The Meaning of Motherhood

A very obvious area of research that would help inform demographers in their work on gender, particularly as it relates to fertility, is research on the meaning of motherhood. While demographers have already done research on the ''value of children,'' there is an extensive and growing literature on what motherhood means, how it is shaped by the culture and by gendered social, political, and economic institutions, and how individuals interact with those meanings in their own lives. This literature spans many disciplines, from economics (Folbre 2001), to sociology (Hays 1996), to anthropology (Lewin 1994). These and other works (Jetter, Orleck, and Taylor 1997; O'Barr, Pope, and Wyer 1990; Glenn, Chang, and Forcey 1994) often fill out the ways that women and men negotiate through the tensions and expectations about children and parenting and the ways that daily lives reveal these tensions and expectations. Particularly interesting is recent work on childlessness and the new reproductive technologies. Both areas reveal the ways that reproduction is at the center of a society's values.

Inhorn's insights (1994, 1996) about childless women in urban Egypt is an example of research that is not part of mainstream demography but can inform demographic research. In this society, particularly among poor migrants who have moved from rural to urban centers, women's status and power are so powerfully tied to the bearing and raising of children that to be childless is a disaster. When these women moved to the city, they lost other sources of power, income, and even identity, and those losses made children even more important. Inhorn lived and talked with women who were searching for cures to their infertility and came to understand the cultural necessity of bearing children for women in this part of the world. She notes that ''indeed, it is from the study of infertility that issues of pronatalism, or child desire, are perhaps best understood. Namely, those who are missing children and who therefore have had much cause to reflect on their object of desire are often in the best position to articulate why children are so very important on a number of levels, ranging from the personal to the political'' (Inhorn 1996: 234).

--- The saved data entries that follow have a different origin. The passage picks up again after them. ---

Fixpoint sumn_R (n : nat) (f : nat -> R) : R :=
  match n with
  | O => 0
  | S m => sumn_R m f + f m
  end.

Definition is_distr (n : nat) (P : nat -> R) : Prop :=
  (forall x, (x < n)%nat -> 0 <= P x) /\
  sumn_R n P = 1.

Definition log2 (x : R) : R := ln x / ln 2.

(* Shannon entropy in bits, with the convention 0 log 0 = 0. *)
Definition entropy (n : nat) (P : nat -> R) : R :=
  - sumn_R n (fun x => if Req_EM_T (P x) 0 then 0 else P x * log2 (P x)).

(* A single-round protocol, for each number n of messages:
   - server n P   : the server's transmission (bit string), depending on P;
   - client n s x : the client's transmission given the server's transmission s
                    and its own message x;
   - decode n P t : the server's reconstruction of x from P (which determines
                    its own transmission) and the client's transmission t. *)
Record protocol : Type := {
  server : nat -> (nat -> R) -> list bool;
  client : nat -> list bool -> nat -> list bool;
  decode : nat -> (nat -> R) -> list bool -> nat
}.

Definition correct (p : protocol) : Prop :=
  forall n P, is_distr n P -> forall x, (x < n)%nat -> 0 < P x ->
    decode p n P (client p n (server p n P) x) = x.

Definition client_expected_bits (p : protocol) (n : nat) (P : nat -> R) : R :=
  sumn_R n (fun x => P x * INR (length (client p n (server p n P) x))).

Definition little_o_log (g : nat -> R) : Prop :=
  forall d, 0 < d -> exists N, forall n, (N <= n)%nat -> Rabs (g n) <= d * ln (INR n).

From Stdlib Require Import Reals List ZArith Lia Lra.
From mathcomp Require all_boot all_order all_algebra zify.
Open Scope R_scope.

(* Let A range over the sets of a = 2^E2 of the n = 2^E1 messages, and let P_A put mass 1 - eta
   uniformly on A and eta uniformly on the other messages, so that H(P_A) <= E2 + eta E1 + 1.
   Every message then has positive probability, so for each server transmission s the client's
   code x |-> c_s(x) is injective on all n messages, whence sum_x 2^-|c_s(x)| <= 2 E1 + 1.
   If the client sends few bits on average, sum_(x in A) |c_s(x)| <= K for every A, i.e.
   2^K prod_(x in A) 2^-|c_s(x)| >= 1.  Summing over the ordered a-tuples of distinct messages and
   over the at most 2^(M+1) server transmissions of length <= M gives
   (n - a)^a <= n (n-1) ... (n-a+1) <= 2^(K+M+1) (2 E1 + 1)^a.
   With M <= c n^(1/k - eps) <= c a and K ~ a (k (E2 + eta E1) + o(E1)), this yields
   E1 <= k E2 + (k eta + o(1)) E1 + c + O(log E1), which fails for E1 = k r v, E2 = (r - 1) v,
   r eps >= 1, eta = 1/(8 k r) and v large. *)

Fixpoint sum_pred (n : nat) (A : nat -> bool) (h : nat -> nat) : nat :=
  match n with
  | O => O
  | S m => (sum_pred m A h + (if A m then h m else O))%nat
  end.

Definition count_pred (n : nat) (A : nat -> bool) : nat := sum_pred n A (fun _ => 1%nat).

Module InjectiveCodes.
Import all_boot all_order all_algebra zify.
Import Order.TTheory GRing.Theory Num.Theory.
Local Open Scope ring_scope.

(* The binary numeral 1 b_(l-1) ... b_0 of [:: b_0; ...; b_(l-1)]; the leading 1 makes it injective. *)
Definition bits_to_nat (s : seq bool) : nat :=
  foldr (fun (b : bool) m => (b + m.*2)%N) 1%N s.

Lemma bits_to_nat_gt0 s : (0 < bits_to_nat s)%N.
Proof. by elim: s => //= b s IH; rewrite addn_gt0 double_gt0 IH orbT. Qed.

Lemma bits_to_nat_inj : injective bits_to_nat.
Proof.
have half_code b s : (bits_to_nat (b :: s))./2 = bits_to_nat s by exact: half_bit_double.
elim=> [|b s IH] [|b' s'] // E.
- by have := bits_to_nat_gt0 s'; rewrite -(half_code b') -E.
- by have := bits_to_nat_gt0 s; rewrite -(half_code b) E.
have -> : b = b' by have := congr1 odd E; rewrite /= !oddD !odd_double !addbF !oddb.
by rewrite (IH s') // -(half_code b) E half_code.
Qed.

Lemma bits_to_nat_lt s : (bits_to_nat s < 2 ^ (size s).+1)%N.
Proof. by elim: s => //= b s IH; rewrite expnS; case: b => /=; lia. Qed.

Lemma size_uniq_bitstrings m (S : seq (seq bool)) :
  uniq S -> {in S, forall s, size s <= m}%N -> (size S <= 2 ^ m.+1)%N.
Proof.
move=> uS Sm; rewrite -(size_map bits_to_nat) -(size_iota 0 (2 ^ m.+1)).
apply: uniq_leq_size; first by rewrite (map_inj_uniq bits_to_nat_inj).
move=> y /mapP [s sS ->]; rewrite mem_iota add0n.
by apply: leq_trans (bits_to_nat_lt s) _; rewrite leq_exp2l // ltnS Sm.
Qed.

Lemma card_bitstrings_of_size (T : finType) (f : T -> seq bool) l :
  injective f -> (#|[pred x | size (f x) == l]| <= 2 ^ l.+1)%N.
Proof.
move=> finj; rewrite cardE -(size_map f).
apply: size_uniq_bitstrings; first by rewrite (map_inj_uniq finj) enum_uniq.
by move=> y /mapP [x]; rewrite mem_enum inE => /eqP <- ->.
Qed.

Lemma sum_exp2_size_le (F : numFieldType) (T : finType) (f : T -> seq bool) L :
  injective f -> (#|T| <= 2 ^ L)%N ->
  \sum_x (2 ^- size (f x) : F) <= (2 * L + 1)%:R.
Proof.
(* At most 2^(l+1) codewords have length l < L; the longer ones weigh at most 2^-L each. *)
move=> finj cardT.
have split_size x :
    (2 ^- size (f x) : F) <= 2 ^- L + \sum_(l < L | size (f x) == l) 2 ^- l.
  have [lt_xL|le_Lx] := ltnP (size (f x)) L.
    by rewrite (big_pred1 (Ordinal lt_xL)) /= ?lerDr ?invr_ge0 ?exprn_ge0.
  rewrite -[X in X <= _]addr0 lerD ?sumr_ge0 // => [|l _]; last by rewrite invr_ge0 exprn_ge0.
  by rewrite -!exprVn ler_wiXn2l // ?invr_ge0 ?invf_le1 ?ler1n.
apply: le_trans (ler_sum _ (fun x _ => split_size x)) _.
rewrite big_split /= sumr_const (exchange_big_dep xpredT) //= natrD addrC lerD //.
  have -> : (2 * L)%:R = \sum_(l < L) (2%:R : F).
    by rewrite sumr_const card_ord natrM mulr_natr.
  apply: ler_sum => l _.
  rewrite sumr_const -[_ *+ _]mulr_natr mulrC ler_pdivrMr ?exprn_gt0 //.
  by rewrite -natrX -natrM ler_nat -expnS card_bitstrings_of_size.
by rewrite -[_ *+ _]mulr_natr mulrC ler_pdivrMr ?exprn_gt0 // mul1r -natrX ler_nat.
Qed.

Section InjectiveTuples.

Variables (T : finType) (a L M K : nat).
Variables (srv : {ffun 'I_a -> T} -> seq bool) (cl : seq bool -> T -> seq bool).
Hypothesis card_T : (#|T| <= 2 ^ L)%N.
Hypothesis size_srv : forall t : {ffun 'I_a -> T}, injective t -> (size (srv t) <= M)%N.
Hypothesis cl_inj : forall t : {ffun 'I_a -> T}, injective t -> injective (cl (srv t)).
Hypothesis sum_size_cl :
  forall t : {ffun 'I_a -> T}, injective t -> (\sum_i size (cl (srv t) (t i)) <= K)%N.

Let weight s x : rat := 2 ^- size (cl s x).

Let weight_ge0 s x : 0 <= weight s x.
Proof. by rewrite invr_ge0 exprn_ge0. Qed.

Let inj_tuples := [set t : {ffun 'I_a -> T} | injectiveb t].

Let msgs := undup [seq srv t | t in inj_tuples].

Let msgsP s :
  reflect (exists2 t : {ffun 'I_a -> T}, injective t & s = srv t) (s \in msgs).
Proof.
rewrite mem_undup; apply: (iffP imageP) => [[t]|[t tinj ->]].
  by rewrite inE => /injectiveP; exists t.
by exists t; rewrite // inE; apply/injectiveP.
Qed.

Let size_msgs : (size msgs <= 2 ^ M.+1)%N.
Proof.
apply: size_uniq_bitstrings; first exact: undup_uniq.
by move=> _ /msgsP [t tinj ->]; exact: size_srv.
Qed.

Let prod_weight_ge (t : {ffun 'I_a -> T}) :
  injective t -> 2 ^- K <= \prod_i weight (srv t) (t i).
Proof.
move=> tinj; rewrite /weight prodfV prodrXr lef_pV2 ?qualifE /= ?exprn_gt0 //.
by rewrite ler_eXn2l ?ltr1n // sum_size_cl.
Qed.

Let sum_prod_weight_le s : s \in msgs ->
  \sum_(t : {ffun 'I_a -> T}) \prod_i weight s (t i) <= (2 * L + 1)%:R ^+ a.
Proof.
case/msgsP=> t tinj ->.
rewrite -(bigA_distr_bigA (fun (_ : 'I_a) (x : T) => weight (srv t) x)) /=.
rewrite prodr_const card_ord; apply: lerXn2r; rewrite ?qualifE /= ?ler0n ?sumr_ge0 //.
by rewrite /weight; exact: sum_exp2_size_le (cl_inj _ tinj) card_T.
Qed.

Lemma ffact_card_le : (#|T| ^_ a <= 2 ^ (K + M.+1) * (2 * L + 1) ^ a)%N.
Proof.
have covered t : (if t \in inj_tuples then 1 else 0 : rat)
    <= 2 ^+ K * \sum_(s <- msgs) \prod_i weight s (t i).
  have [tinj|_] := boolP (t \in inj_tuples); last first.
    by rewrite mulr_ge0 ?exprn_ge0 ?sumr_ge0 // => s _; apply: prodr_ge0.
  have tinj' : injective t by move: tinj; rewrite inE => /injectiveP.
  have srv_t : srv t \in msgs by apply/msgsP; exists t.
  rewrite -ler_pdivrMl ?exprn_gt0 // mulr1 (bigD1_seq _ srv_t (undup_uniq _)) /=.
  apply: le_trans (prod_weight_ge _ tinj') _; rewrite lerDl.
  by apply: sumr_ge0 => s _; apply: prodr_ge0.
rewrite -(ler_nat rat) -[a in X in X <= _]card_ord -card_inj_ffuns -sum1_card.
rewrite natr_sum big_mkcond /=; apply: le_trans (ler_sum _ (fun t _ => covered t)) _.
rewrite -big_distrr exchange_big /= expnD -mulnA natrM natrX ler_wpM2l ?exprn_ge0 //.
rewrite big_seq; apply: le_trans (ler_sum _ sum_prod_weight_le) _.
rewrite -big_seq big_const_seq count_predT iter_addr_0 -[_ *+ size msgs]mulr_natr.
by rewrite mulrC -natrX natrM; apply: ler_wpM2r; rewrite ?ler0n // ler_nat size_msgs.
Qed.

She connects the attitudes of infertile women with the (often negative) responses to the government's family planning program, arguing that ''such programs as state-sponsored population control in Egypt, which 'target' women, have literally operated in the dark with regard to the real knowledge, attitudes and practices of their female constituencies. Given this inattention to women's lives and desires (let alone the almost complete neglect of men in population discourse), it should come as no surprise that Egypt's population control efforts have been judged to be weak and ineffective'' (Inhorn 1996: 236-237). Here, then, we have clues about the underlying reasons that women want children and how those reasons, and the social context generally, might derail or slow down the government's family planning efforts.

Another angle on the meaning of motherhood and the ways that it is written into policies, practices, and technologies comes from research on the new reproductive technologies. This research (Rapp 1990,1998; Hartouni 1997; Franklin 1995) suggests how ''new technologies fall onto older cultural terrains, where women interpret their options in light of prior and contradictory meanings of pregnancy and childbearing'' (Rapp 1990: 41). Hartouni (1997) argued that these technologies—with their different roles for biological mother, gestational mother, and social mother, for example— challenge definitions once thought stable. Called into question by this ''radical transformation of reproductive practices and processes'' (Hartouni 1997: 83) are ''the social relations and practices that constitute what are called mother, father, and family'' (Hartouni 1997: 83). This work on motherhood, pregnancy, childlessness, and families suggests ways of approaching questions of motherhood, fertility, and pregnancy from new angles in order to illuminate the ways that fertility and reproduction are negotiated and mediated by individuals, families, communities, and states.

All of these areas, and many more that have not been mentioned, suggest the possible contributions from this rich literature. Much of this research takes a step back from the usual goals of demography—of finding the way a particular behavior or status influences a particular demographic outcome. The focus, then, is often not on demographic processes but rather encompasses work that lies outside of demography's traditional scope. In that richness and scope—with its strong connections to demographic processes—lie its strong potential for enriching and enlarging our understandings of gender and demographic processes.